A statement from the ANC praising President Jacob Zuma's reaction to questions put to him in Parliament on Thursday leaves a lot to be desired.
It shows a party that is either in serious denial about its president's silence on pressing matters, or one that purposefully turns a blind eye.
Thursday marked Zuma's last question-and-answer session as ANC president. It was the last opportunity for the House to get information out of him this year. But of course, he would not let that happen.
He did not just beat around the bush, he casually strolled around it and poked fun at it with a stick –– his signature chuckle when opposition members lost their cool a mark of his successful evasion of key questions.
Summary of the #ZumaQandA:— BROKEN NEWS (@AN7Reporter) November 2, 2017
Question: Is water wet?
President Zuma answer: Banana.
But his party clearly saw things differently.
"The ANC lauds [Zuma] for his continuing and undeterred commitment to account to the people of South Africa by regularly appearing before Parliament to answer questions on a number of the most pressing issues facing South Africa today," the party said in a statement on Thursday night.
Firstly, the ANC is praising its president for something he is constitutionally obligated to do. It's like praising a teacher for their "continuing and undeterred commitment" to marking test papers.
"Questions put to the president for oral reply included amongst others the work of the Presidential Infrastructure Coordinating Commission, job creation, and government's response to climate change," the party continued.
Yes, but those were only the questions from ANC MPs designed for the party to boast about their progress on various matters. Zuma indeed answered those thoroughly.

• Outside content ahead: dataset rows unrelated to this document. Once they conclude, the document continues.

(* For every positive integer $n$ with $n\not\equiv -1\pmod 7$, \[u(n,n+3)=\varepsilon(n,n+3)=\left\lfloor\frac{4n+12}{7}\right\rfloor.\] Moreover, for every positive integer $m$, $u(7m-1,7m+2)=4m$.
   Context: All matrices are binary. For a nonempty set $S$ of columns of a binary matrix, let $z$ be the sum over the integers of the columns in $S$. $S$ is called $1$-free if no entry of $z$ equals $1$, and even if all entries of $z$ are even. For a binary $m\times n$ matrix $A$ with $m<n$: $\varepsilon(A)$ is the smallest cardinality of a nonempty even set of columns, and $u(A)$ the smallest cardinality of a nonempty $1$-free set of columns. For $m<n$, $\varepsilon(m,n)$ and $u(m,n)$ are the maxima of $\varepsilon(A)$, resp. $u(A)$, over all binary $m\times n$ matrices. *)

From mathcomp Require Import all_boot all_order all_algebra.
Set Implicit Arguments. Unset Strict Implicit. Unset Printing Implicit Defensive.

Definition colsum (m n : nat) (A : 'M[bool]_(m, n)) (S : {set 'I_n}) (i : 'I_m) : nat :=
  \sum_(j in S) nat_of_bool (A i j).

Definition even_set (m n : nat) (A : 'M[bool]_(m, n)) (S : {set 'I_n}) : bool :=
  [forall i, ~~ odd (colsum A S i)].

Definition onefree_set (m n : nat) (A : 'M[bool]_(m, n)) (S : {set 'I_n}) : bool :=
  [forall i, colsum A S i != 1%N].

(* smallest cardinality of a nonempty even (resp. 1-free) set of columns.
   The default value n of the min is never attained spuriously when m < n,
   since then a nonempty even set always exists. *)
Definition epsA (m n : nat) (A : 'M[bool]_(m, n)) : nat :=
  \big[minn/n]_(S : {set 'I_n} | (S != set0) && even_set A S) #|S|.

Definition uA (m n : nat) (A : 'M[bool]_(m, n)) : nat :=
  \big[minn/n]_(S : {set 'I_n} | (S != set0) && onefree_set A S) #|S|.

Definition eps_mn (m n : nat) : nat := \max_(A : 'M[bool]_(m, n)) epsA A.
Definition u_mn (m n : nat) : nat := \max_(A : 'M[bool]_(m, n)) uA A.

From mathcomp Require Import all_boot all_order all_algebra.
From mathcomp Require Import zify.
Set Implicit Arguments. Unset Strict Implicit. Unset Printing Implicit Defensive.
Import Order.TTheory.

(* Upper bound: when n >= m + 3, pigeonhole on the 2^m parity vectors gives at
   least 8 even sets of columns of an m x n matrix, and they form an F_2-space
   under symmetric difference.  If c is a smallest nonempty even set and e is
   even with e <> 0, c, then |c| <= |e| and |c| <= |e + c| force
   |c| <= 2 |e \ c|.  Choose even e1, e2 independent together with c; the
   parts outside c of e1, e2 and e1 + e2 cover each column at most twice, so
   3 ceil(|c| / 2) <= 2 (n - |c|).  The rounding is what gives 4k rather than
   4k + 1 for 7k - 1 rows.
   Lower bound: a matrix is described by the supports of its rows.  A base
   matrix on r + 3 columns, checked exhaustively, is extended k times by seven
   rows and seven columns: a fixed 4 x 7 block whose nonempty 1-free sets have
   at least 4 elements and meet its columns 0, 1, 3, plus three rows of weight 2
   tying these columns to three link columns of the previous stage.  A nonempty
   1-free set then meets every stage, in at least 4 columns of each block. *)

Definition onefree_rows (rows : seq (seq nat)) (f : nat -> bool) : bool :=
  all (fun r => count f r != 1) rows.

(* [L] lists the link columns to which the next stage is attached. *)
Definition gadget (rows : seq (seq nat)) (c d : nat) (L : seq nat) : Prop :=
  forall f : nat -> bool, onefree_rows rows f -> has f (iota 0 c) ->
    d <= count f (iota 0 c) /\ has f L.

Lemma has_iota_range (f : nat -> bool) c s :
  all (fun x => x < c) s -> has f s -> has f (iota 0 c).
Proof.
move=> /allP s_lt /hasP [x xs fx]; apply/hasP; exists x => //.
by rewrite mem_iota add0n s_lt.
Qed.

Fixpoint bitseqs (c : nat) : seq (seq bool) :=
  if c is c'.+1 then [seq false :: s | s <- bitseqs c'] ++ [seq true :: s | s <- bitseqs c']
  else [:: [::]].

Lemma mem_bitseqs (s : seq bool) : s \in bitseqs (size s).
Proof.
elim: s => [|b s IHs] //=.
by rewrite mem_cat; case: b; rewrite map_f ?orbT.
Qed.

Definition gadget_check (rows : seq (seq nat)) (c d : nat) (L : seq nat) : bool :=
  all (fun s => let f := nth false s in
         onefree_rows rows f ==> has f (iota 0 c) ==>
         (d <= count f (iota 0 c)) && has f L)
      (bitseqs c).

Lemma gadget_checkP rows c d L :
  all (all (fun x => x < c)) rows -> all (fun x => x < c) L ->
  gadget_check rows c d L -> gadget rows c d L.
Proof.
move=> rows_lt L_lt /allP check f.
have := check (mkseq f c); rewrite -{2}(size_mkseq f c) => /(_ (mem_bitseqs _)) /=.
have agree t : all (fun x => x < c) t -> {in t, nth false (mkseq f c) =1 f}.
  by move=> /allP t_lt x /t_lt x_lt; rewrite nth_mkseq.
have iota_lt : all (fun x => x < c) (iota 0 c) by apply/allP => x; rewrite mem_iota.
rewrite (eq_in_count (agree _ iota_lt)) (eq_in_has (agree _ iota_lt)).
rewrite (eq_in_has (agree _ L_lt)).
have -> : onefree_rows rows (nth false (mkseq f c)) = onefree_rows rows f.
  apply: eq_in_all => r /(allP rows_lt) r_lt /=.
  by rewrite (eq_in_count (agree _ r_lt)).
by move=> /implyP impl f1 /(implyP (impl f1)) /andP.
Qed.

Definition shift (c : nat) (r : seq nat) : seq nat := [seq c + x | x <- r].

(* A 1-free set contains both or neither of the columns of a weight-2 row. *)
Definition extend (rows : seq (seq nat)) (c : nat) (L : seq nat)
    (rowsG : seq (seq nat)) (LG : seq nat) : seq (seq nat) :=
  rows ++ map (shift c) rowsG ++ [seq [:: p.1; c + p.2] | p <- zip L LG].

But what about the questions tabled by the opposition on equally important matters, like state capture, corruption and the amount of taxpayer money used to keep Zuma from facing his day in court?
Why has he not got rid of embattled Social Development Minister Bathabile Dlamini? Zuma's answer: because apartheid.
How are we going to afford the nuclear deal? Zuma's answer: we need nuclear because...
Then Zuma was asked what the total amount of all legal costs incurred by his office was since the National Prosecuting Authority's decision to drop the 783 counts of fraud, corruption and racketeering against him in his personal capacity in 2009.
His response essentially was that the State attorney Act allows him to spend taxpayers money to defend himself. Of course, no figure was given.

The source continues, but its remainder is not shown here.